After being isolated and analyzed with multiplex ELISA, extracellular vesicles (EVs) from non-small cell lung cancer (NSCLC) plasma samples were tested for protein biomarkers carried by these EVs. Six hundred and eighty-three control subjects (no known cancer diagnosis) and 161 lung cancer cases (stages I = 88, II = 34, III = 20, and IV = 19) were combined for analysis. While the control cohort was made up of 12% smokers with a median age of 58 years and 52% female population, the case-cohort was made up of 41% smokers with a median age of 63 years.

A machine learning system first found thirty-five relevant EV biomarkers to distinguish NSCLC patients from controls. The ROC displayed an AUC of 0.987 (95% CI: 0.981-0.993) with 97% (CI: 93%-99%) sensitivity and 92% (CI: 90%-94%) specificity. Researchers discovered identical performance across all stages examined when performance was broken down by stage, with sensitivities of 98%, 94%, 95%, and 100% for stages I through IV, respectively. Then, after narrowing the field of potential biomarkers down to 11, investigators achieved a 92% sensitivity and 92% specificity. They conducted an in-silico experiment, randomly dividing the dataset into ten training and validation sets (67%/33%) to better understand performance in a future independent validation. It revealed that across the 10 held-out validation sets, the mean AUC was 0.982 (range: 0.968–0.991), the mean sensitivity was 95% (range: 85%–100%), and the mean specificity was 92% (range: 86%–95%).

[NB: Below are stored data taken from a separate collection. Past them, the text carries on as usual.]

(* Let $\theta\in\mathbb{R}$, let $\mathcal{A}_\theta$ be the smooth noncommutative torus, let $\tau\in\mathbb{C}$ with $\Im\tau>0$, and let $p\in\mathcal{A}_\theta$ be a projection ($p=p^2=p^*$) satisfying at least one of the equations $$\bar{\partial}_{(\tau)}(p)\,p=0,\qquad p\,\partial_{(\tau)}(p)=0,\qquad \partial_{(\tau)}(p)\,p=0,\qquad p\,\bar{\partial}_{(\tau)}(p)=0 .$$ Then $p$ satisfies the field equation $$p\,\Delta(p)-\Delta(p)\,p=0,$$ where $\Delta=g^{\mu\nu}\partial_\mu\partial_\nu$.
   Context: $\mathcal{A}_\theta$ is the unital $*$-algebra of series $a=\sum_{(m,n)\in\mathbb{Z}^2}a_{mn}U_1^mU_2^n$ with $(a_{mn})$ a complex Schwartz (rapidly decreasing) sequence on $\mathbb{Z}^2$, where $U_1,U_2$ are unitaries with $U_2U_1=e^{2\pi i\theta}U_1U_2$. The derivations $\partial_1,\partial_2$ of $\mathcal{A}_\theta$ are defined by $\partial_\mu(U_\nu)=2\pi i\,\delta_\mu^\nu U_\nu$ ($\mu,\nu=1,2$), extended by the Leibniz rule and linearity. The inverse metric associated with $\tau$ is $(g^{\mu\nu})=\frac{1}{(\Im\tau)^2}\begin{pmatrix}|\tau|^2&-\Re\tau\\-\Re\tau&1\end{pmatrix}$, repeated indices summed over $1,2$. The derivations $\partial_{(\tau)}=\frac{1}{\tau-\bar\tau}(-\bar\tau\partial_1+\partial_2)$ and $\bar\partial_{(\tau)}=\frac{1}{\tau-\bar\tau}(\tau\partial_1-\partial_2)$. *)

From Stdlib Require Import Reals ZArith.
From Coquelicot Require Import Coquelicot.
Open Scope R_scope.

(** Elements of the smooth noncommutative torus A_theta are represented by
    their coefficient families  a : Z -> Z -> C,  a m n being the coefficient
    of U1^m U2^n.  Such a family is an element of A_theta iff it is a
    Schwartz (rapidly decreasing) sequence on Z^2. *)
Definition coef := Z -> Z -> C.

Definition schwartz (a : coef) : Prop :=
  forall k : nat, exists M : R, forall m n : Z,
    (1 + IZR (Z.abs m) + IZR (Z.abs n)) ^ k * Cmod (a m n) <= M.

Definition ephase (theta x : R) : C :=
  (cos (2 * PI * theta * x), sin (2 * PI * theta * x)).

Definition sq_sum (f : Z -> Z -> C) (N : nat) : C :=
  sum_n (fun i => sum_n (fun j =>
     f (Z.of_nat i - Z.of_nat N)%Z (Z.of_nat j - Z.of_nat N)%Z) (2 * N)) (2 * N).

Definition Clim (u : nat -> C) : C :=
  (real (Lim_seq (fun N => fst (u N))), real (Lim_seq (fun N => snd (u N)))).

(** Sum over Z^2 (absolutely convergent for the families we use, so it equals
    the limit of square partial sums). *)
Definition zsum2 (f : Z -> Z -> C) : C := Clim (sq_sum f).

(** Product in A_theta, from U2 U1 = e^{2 pi i theta} U1 U2:
    (a_{mn} U1^m U2^n)(b_{kl} U1^k U2^l) = a_{mn} b_{kl} e^{2 pi i theta n k} U1^{m+k} U2^{n+l}. *)
Definition nct_mul (theta : R) (a b : coef) : coef :=
  fun r s => zsum2 (fun m n =>
     (a m n * b (r - m)%Z (s - n)%Z * ephase theta (IZR (n * (r - m))))%C).

(** Involution: (U1^m U2^n)^* = U2^{-n} U1^{-m} = e^{2 pi i theta m n} U1^{-m} U2^{-n}. *)
Definition nct_star (theta : R) (a : coef) : coef :=
  fun m n => (Cconj (a (- m)%Z (- n)%Z) * ephase theta (IZR (m * n)))%C.

Definition nct_add (a b : coef) : coef := fun m n => (a m n + b m n)%C.
Definition nct_scal (z : C) (a : coef) : coef := fun m n => (z * a m n)%C.

(** Basic derivations: d_mu (U_nu) = 2 pi i delta U_nu. *)
Definition d1 (a : coef) : coef := fun m n => (((0, 2 * PI * IZR m)%R : C) * a m n)%C.
Definition d2 (a : coef) : coef := fun m n => (((0, 2 * PI * IZR n)%R : C) * a m n)%C.

Definition dtau (tau : C) (a : coef) : coef :=
  nct_scal (/ (tau - Cconj tau))%C
    (nct_add (nct_scal (- Cconj tau)%C (d1 a)) (d2 a)).
Definition dbartau (tau : C) (a : coef) : coef :=
  nct_scal (/ (tau - Cconj tau))%C
    (nct_add (nct_scal tau (d1 a)) (nct_scal (-1)%C (d2 a))).

Definition ginv (tau : C) (mu nu : nat) : R :=
  let t1 := fst tau in let t2 := snd tau in
  match mu, nu with
  | 1%nat, 1%nat => (t1 ^ 2 + t2 ^ 2) / t2 ^ 2
  | 1%nat, 2%nat => - t1 / t2 ^ 2
  | 2%nat, 1%nat => - t1 / t2 ^ 2
  | _, _ => 1 / t2 ^ 2
  end.

Definition lap (tau : C) (a : coef) : coef :=
  nct_add (nct_add (nct_scal (RtoC (ginv tau 1 1)) (d1 (d1 a)))
                   (nct_scal (RtoC (ginv tau 1 2)) (d1 (d2 a))))
          (nct_add (nct_scal (RtoC (ginv tau 2 1)) (d2 (d1 a)))
                   (nct_scal (RtoC (ginv tau 2 2)) (d2 (d2 a)))).

Definition nct_zero : coef := fun _ _ => RtoC 0.

From Stdlib Require Import Reals ZArith Lia Lra FunctionalExtensionality.
From Coquelicot Require Import Coquelicot.
Open Scope R_scope.

(* On coefficient families, d_(tau), dbar_(tau) and Delta act by multiplying the
   coefficient of U1^m U2^n by polynomials in (m, n): the first two are derivations
   [nct_der al be] with affine symbols, adjoint to each other under the involution, and
   Delta = 4 d_(tau) dbar_(tau).  For a self-adjoint p, taking adjoints turns each of the four
   hypotheses into a pair  d2(p) p = 0,  p d1(p) = 0  with {d1, d2} = {d_(tau), dbar_(tau)}.
   Differentiating p = p^2 then gives d2 p = p d2p and d1 p = d1p p, and expanding
   d1 (d2 p) = d2 (d1 p) with the Leibniz rule in both orders yields p d1d2p = d1d2p p.
   The analytic work is to justify the Leibniz rule and (ab)^* = b^* a^* for the product
   defined through limits of square partial sums: Schwartz decay bounds the summands by
   K (1 + |m|)^-2 (1 + |n|)^-2, which gives convergence, linearity and invariance of the
   sum under translation of the summation indices. *)

Ltac ext2 x y :=
  apply functional_extensionality; intro x; apply functional_extensionality; intro y.

(** * Square partial sums over Z^2 *)

Fixpoint zsym_sum (h : Z -> R) (N : nat) : R :=
  match N with
  | O => h 0%Z
  | S N' => zsym_sum h N' + h (Z.of_nat (S N')) + h (- Z.of_nat (S N'))%Z
  end.

Definition zsq_sum (g : Z -> Z -> R) (N : nat) : R :=
  zsym_sum (fun m => zsym_sum (g m) N) N.

Lemma sum_n_Sn_l (u : nat -> R) n :
  sum_n u (S n) = u 0%nat + sum_n (fun j => u (S j)) n.
Proof.
  induction n as [|n IH].
  - rewrite sum_Sn, !sum_O. reflexivity.
  - rewrite sum_Sn, IH, (sum_Sn _ n). unfold plus; simpl. ring.
Qed.

Lemma sum_n_centered (h : Z -> R) N :
  sum_n (fun j => h (Z.of_nat j - Z.of_nat N)%Z) (2 * N) = zsym_sum h N.
Proof.
  revert h; induction N as [|N IH]; intro h.
  - rewrite sum_O. reflexivity.
  - replace (2 * S N)%nat with (S (S (2 * N))) by lia.
    rewrite sum_Sn, sum_n_Sn_l.
    rewrite (sum_n_ext _ (fun j => h (Z.of_nat j - Z.of_nat N)%Z)) by (intro j; f_equal; lia).
    rewrite IH; simpl zsym_sum.
    replace (Z.of_nat 0 - Z.of_nat (S N))%Z with (- Z.of_nat (S N))%Z by lia.
    replace (Z.of_nat (S (S (2 * N))) - Z.of_nat (S N))%Z with (Z.of_nat (S N)) by lia.
    unfold plus; simpl. ring.
Qed.

Lemma fst_sum_n (u : nat -> C) n : fst (sum_n u n) = sum_n (fun k => fst (u k)) n.
Proof.
  induction n as [|n IH]; [rewrite !sum_O; reflexivity|].
  rewrite !sum_Sn, <- IH. reflexivity.
Qed.
Lemma sumR_const {A : Type} c (l : list A) : sumR (fun _ => c) l = INR (length l) * c.
Proof.
  induction l as [|a l IH]; rewrite ?sumR_cons, ?sumR_nil; simpl length;
    rewrite ?S_INR, ?IH; simpl; lra.
Qed.

Lemma sumR_zero {A : Type} (l : list A) : sumR (fun _ => 0) l = 0.
Proof. rewrite sumR_const. lra. Qed.

Lemma sumR_swap {A B : Type} (F : A -> B -> R) l1 l2 :
  sumR (fun a => sumR (fun b => F a b) l2) l1 = sumR (fun b => sumR (fun a => F a b) l1) l2.
Proof.
  induction l1 as [|a l1 IH]; [symmetry; apply sumR_zero|].
  rewrite sumR_cons, IH, <- sumR_plus. reflexivity.
Qed.

Lemma sumR_nonneg {A : Type} (f : A -> R) l : (forall a, In a l -> 0 <= f a) -> 0 <= sumR f l.
Proof.
  intro H. transitivity (sumR (fun _ => 0) l); [right; symmetry; apply sumR_zero|].
  apply sumR_le_in. exact H.
Qed.

Lemma sumR_term {A : Type} (f : A -> R) l a :
  (forall b, In b l -> 0 <= f b) -> In a l -> f a <= sumR f l.
Proof.
  induction l as [|b l IH]; simpl; intros H Ha; [contradiction|]. rewrite sumR_cons.
  pose proof (sumR_nonneg f l (fun c Hc => H c (or_intror Hc))).
  destruct Ha as [<-|Ha]; [lra|].
  pose proof (H b (or_introl eq_refl)). pose proof (IH (fun c Hc => H c (or_intror Hc)) Ha). lra.
Qed.

Lemma sumR_delta {A : Type} (eq_dec : forall a b : A, {a = b} + {a <> b}) (g : A -> R) l a :
  NoDup l -> In a l -> sumR (fun b => if eq_dec a b then g b else 0) l = g a.
Proof.
  induction l as [|b l IH]; simpl; intros Hnd Ha; [contradiction|].
  apply NoDup_cons_iff in Hnd as [Hb Hnd]. rewrite sumR_cons.
  destruct (eq_dec a b) as [<-|Hne].
  - rewrite (sumR_ext_in _ (fun _ => 0)), sumR_zero; [lra|].
    intros c Hc. destruct (eq_dec a c) as [<-|]; [contradiction|reflexivity].
  - destruct Ha as [->|Ha]; [congruence|]. rewrite IH; auto. lra.
Qed.

Lemma In_words q n w : In w (words q n) <-> length w = n /\ Forall (fun a => (a < q)%nat) w.
Proof.
  revert w; induction n as [|n IH]; intro w; simpl.
  - split; [intros [<-|[]]; auto|]. intros [H _]. destruct w; [auto|discriminate].
  - rewrite in_flat_map. split.
    + intros [w' [Hw' Hin]]. apply in_map_iff in Hin as [a [<- Ha]].
      apply in_seq in Ha. apply IH in Hw' as [Hl HF]. simpl; split; [lia|constructor; auto; lia].
    + intros [Hl HF]. destruct w as [|a w']; [discriminate|]. inversion HF; subst.
      exists w'. split; [apply IH; auto|]. apply in_map_iff. exists a. split; auto. apply in_seq; lia.
Qed.

Lemma sum_words_S q n (F : list nat -> R) :
  sumR F (words q (S n)) = sumR (fun w => sumR (fun a => F (a :: w)) (seq 0 q)) (words q n).
Proof. simpl. rewrite sumR_flat_map. apply sumR_ext_in. intros. apply sumR_map. Qed.

Lemma sum_letters_delta (g : nat -> R) q a : (a < q)%nat ->
  sumR (fun b => if Nat.eq_dec a b then g b else 0) (seq 0 q) = g a.
Proof. intro Ha. apply sumR_delta; [apply seq_NoDup|apply in_seq; lia]. Qed.

Definition word_eq_dec : forall u v : list nat, {u = v} + {u <> v} :=
  list_eq_dec Nat.eq_dec.

Lemma sum_words_delta q n (G : list nat -> R) c : In c (words q n) ->
  sumR (fun b => if word_eq_dec c b then G b else 0) (words q n) = G c.
Proof.
  revert G c; induction n as [|n IH]; intros G c Hc.
  - destruct Hc as [<-|[]]. simpl. rewrite sumR_cons, sumR_nil. destruct (word_eq_dec [] []); [lra|congruence].
  - rewrite sum_words_S. apply In_words in Hc as [Hl HF].
    destruct c as [|a c]; [discriminate|]. inversion HF; subst. injection Hl as Hl.
    rewrite <- (IH (fun w => G (a :: w)) c) by (apply In_words; auto).
    apply sumR_ext_in. intros w _. destruct (word_eq_dec c w) as [<-|Hne].
    + rewrite <- (sum_letters_delta (fun b => G (b :: c)) q a) by assumption.
      apply sumR_ext_in. intros b _.
      destruct (Nat.eq_dec a b), (word_eq_dec (a :: c) (b :: c)); congruence.
    + transitivity (sumR (fun _ => 0) (seq 0 q)); [|apply sumR_zero].
      apply sumR_ext_in. intros b _.
      destruct (word_eq_dec (a :: c) (b :: w)); congruence.
Qed.

Lemma emb_nil_r x : emb x [] = 1%nat.
Proof. destruct x; reflexivity. Qed.

Lemma emb_long x y : (length x < length y)%nat -> emb x y = 0%nat.
Proof.
  revert y; induction x as [|a x IH]; intros y H.
  - destruct y; simpl in *; [lia|reflexivity].
  - destruct y as [|b y]; simpl in *; [lia|].
    rewrite IH by (simpl; lia). destruct (Nat.eqb a b); [rewrite IH by lia|]; reflexivity.
Qed.

Lemma emb_le_map (f : nat -> nat) x y : (emb x y <= emb (map f x) (map f y))%nat.
Proof.
  revert y; induction x as [|a x IH]; intros y.
  - destruct y; simpl; lia.
  - destruct y as [|b y]; simpl; [lia|].
    pose proof (IH (b :: y)) as H1. simpl in H1. pose proof (IH y) as H2.
    destruct (Nat.eqb_spec a b); [subst; rewrite Nat.eqb_refl; lia|].
    destruct (Nat.eqb (f a) (f b)); lia.
Qed.

(** First-letter recursion for embedding-weighted sums over the outputs of a
    given length: an embedding of [y] into [a :: x] either skips [a] or maps
    the first letter of [y] (which must be [a]) onto it. *)
Lemma emb_sum_cons q a x m (F : list nat -> R) : (a < q)%nat ->
  sumR (fun y => INR (emb (a :: x) y) * F y) (words q (S m)) =
  sumR (fun y => INR (emb x y) * F y) (words q (S m)) +
  sumR (fun w => INR (emb x w) * F (a :: w)) (words q m).
Proof.
  intro Ha. rewrite !sum_words_S, <- sumR_plus. apply sumR_ext_in. intros w _.
  rewrite <- (sum_letters_delta (fun b => INR (emb x w) * F (b :: w)) q a Ha), <- sumR_plus.
  apply sumR_ext_in. intros b _. cbn [emb]. rewrite plus_INR.
  destruct (Nat.eqb_spec a b), (Nat.eq_dec a b); simpl; try lra; congruence.
Qed.

Section LetterMerging.
Variables (q r : nat) (f : nat -> nat).
Hypothesis f_range : forall a, (a < q)%nat -> (f a < r)%nat.

Lemma emb_sum_merge x : Forall (fun a => (a < q)%nat) x -> forall M (psi : list nat -> R),
  sumR (fun y => INR (emb x y) * psi (map f y)) (words q M) =
  sumR (fun c => INR (emb (map f x) c) * psi c) (words r M).
Proof.
  induction x as [|a x IH]; intros Hx M psi.
  - destruct M as [|M].
    + reflexivity.
    + assert (Hz : forall p (g : list nat -> R),
        sumR (fun y => INR (emb [] y) * g y) (words p (S M)) = 0).
      { intros p g. transitivity (sumR (fun _ => 0) (words p (S M))); [|apply sumR_zero].
        apply sumR_ext_in. intros y Hy. apply In_words in Hy as [Hl _].
        destruct y; [discriminate|]. simpl. lra. }
      cbn [map]. rewrite (Hz r psi). apply (Hz q (fun y => psi (map f y))).
  - inversion Hx as [|? ? Ha Hx']; subst. destruct M as [|M].
    + cbn [words]. rewrite !sumR_cons, !sumR_nil, !emb_nil_r. reflexivity.
    + cbn [map]. rewrite (emb_sum_cons q), (emb_sum_cons r) by auto.
      cbv beta; cbn [map]. rewrite (IH Hx' (S M) psi), (IH Hx' M (fun c => psi (f a :: c))). reflexivity.
Qed.

Lemma W_le_map d x y : 0 <= d <= 1 -> W d x y <= W d (map f x) (map f y).
Proof.
  intro Hd. unfold W. rewrite !length_map.
  apply Rmult_le_compat_r; [apply pow_le; lra|]. apply Rmult_le_compat_r; [apply pow_le; lra|].
  apply le_INR, emb_le_map.
Qed.

Lemma words_map N x : In x (words q N) -> In (map f x) (words r N).
Proof.
  intro H. apply In_words in H as [Hl HF]. apply In_words. split; [rewrite length_map; auto|].
  apply Forall_map. eapply Forall_impl; [|exact HF]. exact f_range.
Qed.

Through the use of a liquid biopsy test based on EV biomarkers, our pilot study suggests a potential method for identifying lung cancer at an early stage, when treatment may be more successful. For biomarker and algorithm validation, our findings call for more research using different datasets. To better assess the best use in the clinical setting, future planned studies will also assess the impact of controls with confounding disorders, such as benign lung nodules.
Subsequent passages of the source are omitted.